A 18 anni sposa Mabel, che però se ne va alla nascita del primo figlio di Muddy, visto che la madre non è lei ma un’altra ragazza della piantagione. E altri problemi si profilano all’orizzonte un sabato di luglio del 1941, quando un’auto si ferma in una nuvola di polvere davanti alla sua capanna. Scende un bianco, e se un bianco ti cerca non è mai una bella cosa. Questo però è Alan Lomax, e gira le lande sperdute del Sud registrando le canzoni dei campi per la Library of Congress.
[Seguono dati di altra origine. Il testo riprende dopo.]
(* Let $p$ be a prime, $s,m$ positive integers, $n=sm$, $c\in\mathbb{F}_{p^s}$, and let $F\in\mathbb{F}_{p^s}[x]$, viewed as a function $\mathbb{F}_{p^n}\to\mathbb{F}_{p^n}$, have $c$-differential uniformity $\delta_{F,c}$. Suppose that no prime $q\leq\delta_{F,c}$ divides $m$. Then for all $a,b\in\mathbb{F}_{p^s}$ (with $a\neq 0$ if $c=1$), the equation $F(x+a)-cF(x)=b$ has no solution $x\in\mathbb{F}_{p^n}\setminus\mathbb{F}_{p^s}$.
   Context: For $F:\mathbb{F}_{p^n}\to\mathbb{F}_{p^n}$ and $c\in\mathbb{F}_{p^n}$, let ${}_c\Delta_F(a,b)=\#\{x\in\mathbb{F}_{p^n}: F(x+a)-cF(x)=b\}$ and the $c$-differential uniformity is $\delta_{F,c}=\max\{{}_c\Delta_F(a,b): a,b\in\mathbb{F}_{p^n},\ a\neq 0\text{ if } c=1\}$. *)

From mathcomp Require Import all_boot all_order all_algebra all_field.
Set Implicit Arguments. Unset Strict Implicit. Unset Printing Implicit Defensive.
Import GRing.Theory.
Local Open Scope ring_scope.

(* The subfield F_{p^s} of a finite field L of characteristic p:
   the set of roots of X^(p^s) - X in L. *)
Definition subF (L : finFieldType) (q : nat) : {set L} :=
  [set x : L | x ^+ q == x].

Definition cDelta (L : finFieldType) (F : {poly L}) (c a b : L) : nat :=
  #|[set x : L | F.[x + a] - c * F.[x] == b]|.

Definition cdu (L : finFieldType) (F : {poly L}) (c : L) : nat :=
  \max_(ab : L * L | (c != 1) || (ab.1 != 0)) cDelta F c ab.1 ab.2.

(** The map x |-> x ^+ (p ^ s) is a field automorphism fixing the coefficients
    of F and c, a, b, so it permutes the solutions of F(x + a) - c F(x) = b.
    Its m-th iterate is x |-> x ^+ #|L| = x, so the orbit of a solution x has
    size o dividing m, and o > 1 when x lies outside F_{p^s}. As the orbit
    consists of solutions, o <= delta_{F,c}; the least prime factor of o then
    divides m and is at most delta_{F,c}. *)

From HB Require Import structures.
From mathcomp Require Import all_boot all_order all_algebra all_field.
Set Implicit Arguments.
Unset Strict Implicit.
Unset Printing Implicit Defensive.

Import GRing.Theory.
Local Open Scope ring_scope.

Section FrobeniusIter.

Variables (R : comNzRingType) (p : nat).
Hypothesis pcharRp : p \in [pchar R].

Definition pFrobenius_iter of p \in [pchar R] := fun k (x : R) => x ^+ (p ^ k).

Variable k : nat.

Lemma pnat_pchar_expn : [pchar R].-nat (p ^ k)%N.
Proof.
rewrite (eq_pnat _ (pcharf_eq pcharRp)) pnatX.
by rewrite pnat_id ?orbT // (pcharf_prime pcharRp).
Qed.

Lemma pFrobenius_iter_is_nmod_morphism :
  nmod_morphism (pFrobenius_iter pcharRp k).
Proof.
split=> [|x y]; last exact: exprDn_pchar pnat_pchar_expn.
by rewrite /pFrobenius_iter expr0n gtn_eqF // expn_gt0 prime_gt0 ?(pcharf_prime pcharRp).
Qed.

Lemma pFrobenius_iter_is_monoid_morphism :
  monoid_morphism (pFrobenius_iter pcharRp k).
Proof. by split=> [|x y]; rewrite /pFrobenius_iter ?expr1n ?exprMn. Qed.

Lemma iter_pFrobenius_iter n x :
  iter n (pFrobenius_iter pcharRp k) x = pFrobenius_iter pcharRp (k * n) x.
Proof.
elim: n => [|n IHn]; first by rewrite /pFrobenius_iter muln0 expn0 expr1.
by rewrite iterS IHn /pFrobenius_iter -exprM -expnD mulnS addnC.
Qed.

HB.instance Definition _ := GRing.isNmodMorphism.Build R R
  (pFrobenius_iter pcharRp k) pFrobenius_iter_is_nmod_morphism.
HB.instance Definition _ := GRing.isMonoidMorphism.Build R R
  (pFrobenius_iter pcharRp k) pFrobenius_iter_is_monoid_morphism.

End FrobeniusIter.

Section OrbitOrder.

Variables (T : finType) (f : T -> T).

Lemma order_le_card (A : {pred T}) x :
  x \in A -> {homo f : y / y \in A} -> (order f x <= #|A|)%N.
Proof.
move=> Ax fA; rewrite -size_orbit -(card_uniqP (orbit_uniq f x)).
apply/subset_leq_card/subsetP => y; rewrite -fconnect_orbit => /iter_findex <-.
by elim: (findex f x _) => //= n IHn; apply: fA.
Qed.

Hypothesis injf : injective f.

Lemma order_dvdn_iter n x : iter n f x = x -> (order f x %| n)%N.
Proof.
move=> fnx; have o_gt0 := order_gt0 f x.
have iter_mul_order q : iter (q * order f x) f x = x.
  by elim: q => // q IHq; rewrite mulSn iterD IHq iter_order.
have : iter (n %% order f x) f x = x.
  by rewrite -[in RHS]fnx {2}(divn_eq n (order f x)) addnC iterD iter_mul_order.
move/(congr1 (findex f x)); rewrite findex0 findex_iter ?ltn_pmod //.
by move/eqP.
Qed.

Lemma order_gt1 x : f x != x -> (1 < order f x)%N.
Proof.
move=> fx; rewrite ltn_neqAle order_gt0 andbT eq_sym; apply: contra fx => /eqP o1.
by rewrite -[f x]/(iter 1 f x) -o1 iter_order.
Qed.

End OrbitOrder.

Section CDifferentialEquation.

Variables (R : comNzRingType) (g : {rmorphism R -> R}) (F : {poly R}) (c a : R).
Hypotheses (gF : forall i, g F`_i = F`_i) (gc : g c = c) (ga : g a = a).

Lemma cdiff_rmorph x : F.[g x + a] - c * F.[g x] = g (F.[x + a] - c * F.[x]).
Proof.
have gFF : map_poly g F = F by apply/polyP => i; rewrite coef_map; apply: gF.
by rewrite rmorphB rmorphM -!horner_map gFF rmorphD ga gc.
Qed.

End CDifferentialEquation.

Lemma order_le_cDelta (L : finFieldType) (g : {rmorphism L -> L}) (F : {poly L})
    (c a b x : L) :
  (forall i, g F`_i = F`_i) -> g c = c -> g a = a -> g b = b ->
  F.[x + a] - c * F.[x] = b -> (order g x <= cDelta F c a b)%N.
Proof.
move=> gF gc ga gb Px; apply: order_le_card; first by rewrite inE Px.
by move=> y; rewrite !inE cdiff_rmorph // => /eqP ->; rewrite gb.
Qed.

Lemma cDelta_le_cdu (L : finFieldType) (F : {poly L}) (c a b : L) :
  (c != 1) || (a != 0) -> (cDelta F c a b <= cdu F c)%N.
Proof. exact: (leq_bigmax_cond (a, b)). Qed.

Theorem proposition2p4 (p s m : nat) (L : finFieldType)
  (hp : prime p) (hchar : p \in [pchar L]) (hs : (0 < s)%N) (hm : (0 < m)%N)
  (hcard : #|L| = (p ^ (s * m))%N)
  (F : {poly L}) (hF : forall i, F`_i \in subF L (p ^ s))
  (c : L) (hc : c \in subF L (p ^ s))
  (hq : forall q : nat, prime q -> (q <= cdu F c)%N -> ~~ (q %| m)%N) :
  forall a b : L, a \in subF L (p ^ s) -> b \in subF L (p ^ s) ->
    (c = 1 -> a != 0) ->
    forall x : L, x \notin subF L (p ^ s) -> F.[x + a] - c * F.[x] != b.
Proof.
move=> a b ha hb hca x hx; apply/eqP => Px.
pose f : {rmorphism L -> L} := pFrobenius_iter hchar s.
have fixed z : z \in subF L (p ^ s) -> f z = z by rewrite inE => /eqP.
have o_le : (order f x <= cdu F c)%N.
  have o_le_cDelta : (order f x <= cDelta F c a b)%N.
    by apply: (order_le_cDelta (g := f)) Px => [i|||]; apply: fixed.
  apply: leq_trans o_le_cDelta _; apply: cDelta_le_cdu.
  by case: (eqVneq c 1) => //= /hca.
have o_dvd : (order f x %| m)%N.
  apply: (order_dvdn_iter (fmorph_inj f)).
  by rewrite /f /= iter_pFrobenius_iter /pFrobenius_iter -hcard expf_card.
have o_gt1 : (1 < order f x)%N by apply: (order_gt1 (fmorph_inj f)); rewrite inE in hx.
have := hq _ (pdiv_prime o_gt1) (leq_trans (pdiv_leq (order_gt0 f x)) o_le).
by rewrite (dvdn_trans (pdiv_dvd _) o_dvd).
Qed.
Cercava Robert Johnson, l’uomo che ha venduto l’anima al Diavolo per suonare il blues come nessuno. Ma i patti col Diavolo — si sa — sono pieni di clausole impegnative, e Johnson è morto accoltellato o avvelenato. Però c’è questo ragazzo che suona tutto solo fuori dalla sua baracca, con un collo di bottiglia che va su e giù lungo le corde e dà alla chitarra un suono che sembra una voce, acuta e dolente come la sua è calda e profonda. Lomax lo registra, poi gli regala due copie del disco, 20 dollari e una convinzione: Muddy è un vero uomo di blues.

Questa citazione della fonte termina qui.